Advertising at this time is now free. It's called the World Wide Web. What we have been calling advertising up to now is intrusive and parasitizes the attention we mean to pay to other things--the TV show we're watching, the news story we're reading, the patch of roadside we're looking at when a billboard appears. I don't even want to see such campaign advertising on the Web, and there's no need for it. People will blog and link and Google and they will have their fill of the candidate and commentary. We are no longer a society of town squares and meeting halls. We don't need to pay for fireworks and banners and trucks to bring people in. Let campaign spending be set to zero!

N.E.Hatfield

"intensity of preference" has got noting to do with it. It's really all about tax write-offs and power politics. As Machivelli put it, "it's really a matter of Virtu, fortuna, & neccessite."

Corey

"Advertising at this time is now free. It's called the World Wide Web."

That is a gross overstatement of the level of access to the WWW. It may seem like the whole world to people who spend all of their free time on it, but it is not the whole world. Nor is it free, don't be delusional about the reach a blog can have.

I read Posner's post and thought to myself, wow, what a great argument for campaign limits, then I came to the sentence:

"My conclusion is that efforts to limit the size of campaign contributions are probably mistaken."

Well I am not in the habit of internalizing the bare preferences of judges, so I am not convinced.

If you believe that rich people "earned" or deserve their wealth then it makes sense to think that rich people should have superior influence over campaigns and politicians. However, if you yourself are NOT rich and believe that, then I pity your false-consciousness. Keep working hard, you will be rich too I am sure.

lincoln fan

A true reform would be to have campaigns totally funded by the taxpayers and to have the voters disperse the funds to the candidates of their choice.
This could work this way:
1. The congress would appropriate an amount based on the cost of the previous comparable campaign.
2. An equal share of these funds would be credited to a special account for each registered voter.
3. Each voter would electronically transfer credits to the campaign accounts of the candidates of his choice. No other credits to these accounts are allowed.
4. All campaign expenses would have to be paid from each candidates' account.

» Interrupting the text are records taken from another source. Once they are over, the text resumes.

(* Let $P=\Bbbk[x_1,x_2,x_3]$ with Poisson bracket $\{x_1,x_2\}=0$, $\{x_2,x_3\}=3x_1^2$, $\{x_3,x_1\}=0$. If $G$ is a nontrivial finite subgroup of $\mathrm{PAut}_{\mathrm{gr}}(P)$ generated by Poisson reflections, then the invariant subalgebra $P^G$ is not isomorphic to $P$ as Poisson algebras.
   Context: $\Bbbk$ is algebraically closed of characteristic $0$; $P$ has the standard grading. $\mathrm{PAut}_{\mathrm{gr}}(P)$ is the group of degree-preserving bijective algebra homomorphisms preserving the bracket. A Poisson reflection is a finite-order $\phi\in\mathrm{PAut}_{\mathrm{gr}}(P)$ such that $\phi|_{P_1}$ has eigenvalues $1,1,\xi$ with $\xi\neq1$ a primitive root of unity. $P^G=\{a\in P:\phi(a)=a\ \forall \phi\in G\}$ with the restricted bracket. *)

From HB Require Import structures.
From mathcomp Require Import all_boot all_order all_algebra.
From mathcomp Require Import mpoly.
From Stdlib Require List.
Set Implicit Arguments. Unset Strict Implicit. Unset Printing Implicit Defensive.
Import GRing.Theory.
Local Open Scope ring_scope.

Section Defs.
Variable k : fieldType.

(* P = k[x_1,x_2,x_3]; the variables x_1,x_2,x_3 are 'X_0,'X_1,'X_2. *)
Definition P := {mpoly k[3]}.
Definition ix0 : 'I_3 := @Ordinal 3 0 isT.
Definition ix1 : 'I_3 := @Ordinal 3 1 isT.
Definition ix2 : 'I_3 := @Ordinal 3 2 isT.

(* The unique biderivation with {x1,x2}=0, {x2,x3}=3x1^2, {x3,x1}=0:
   {f,g} = 3 x1^2 (d_2 f d_3 g - d_3 f d_2 g). *)
Definition pbr (f g : P) : P :=
  3%:R * 'X_ix0 ^+ 2 *
  (f^`M(ix1) * g^`M(ix2) - f^`M(ix2) * g^`M(ix1)).

Definition graded_paut (phi : P -> P) : Prop :=
  ((forall p q, phi (p + q) = phi p + phi q) /\ (forall p q, phi (p * q) = phi p * phi q) /\ phi 1 = 1 /\ (forall (c : k) p, phi (c *: p) = c *: phi p) /\ bijective phi /\ (forall (d : nat) (p : P), p \is d.-homog -> phi p \is d.-homog) /\ (forall p q, phi (pbr p q) = pbr (phi p) (phi q))).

This system would provide a paper trail to assure that no "outside" money was used. Also, a check could easily be made to determine if the total spent was not more than the amount approriated.

Pi˘ Messenger

Gracias a Dios alguien que informa sobre algo!

Simon

Perhaps this is a separate issue, but I have always considered the issue of public funding of elections and campaign finance limits as intertwined. Many of the issues contribution limits fail to address (more competetive elections, "soft bribery," incumbency advantage) would be most effectively solved by dramatically limiting campaign expenditures and providing full public funding. Eliminating the need to fundraise by providing all candidates with a fixed amount on which to campaign would address these issues.
Whether this solution is constitutional is a completely different issue.

calico bass

i dont think a lot of people want publicly financed campaigns. in fact, the majority of people have an inate distrust for politicians and dont want to support either candidate and find supporting any politician as a waste. second of all, by having publicly financed campaigns i would implicitly be supporting someone i dont want in office. seems kind of counterintuitive to american democracy.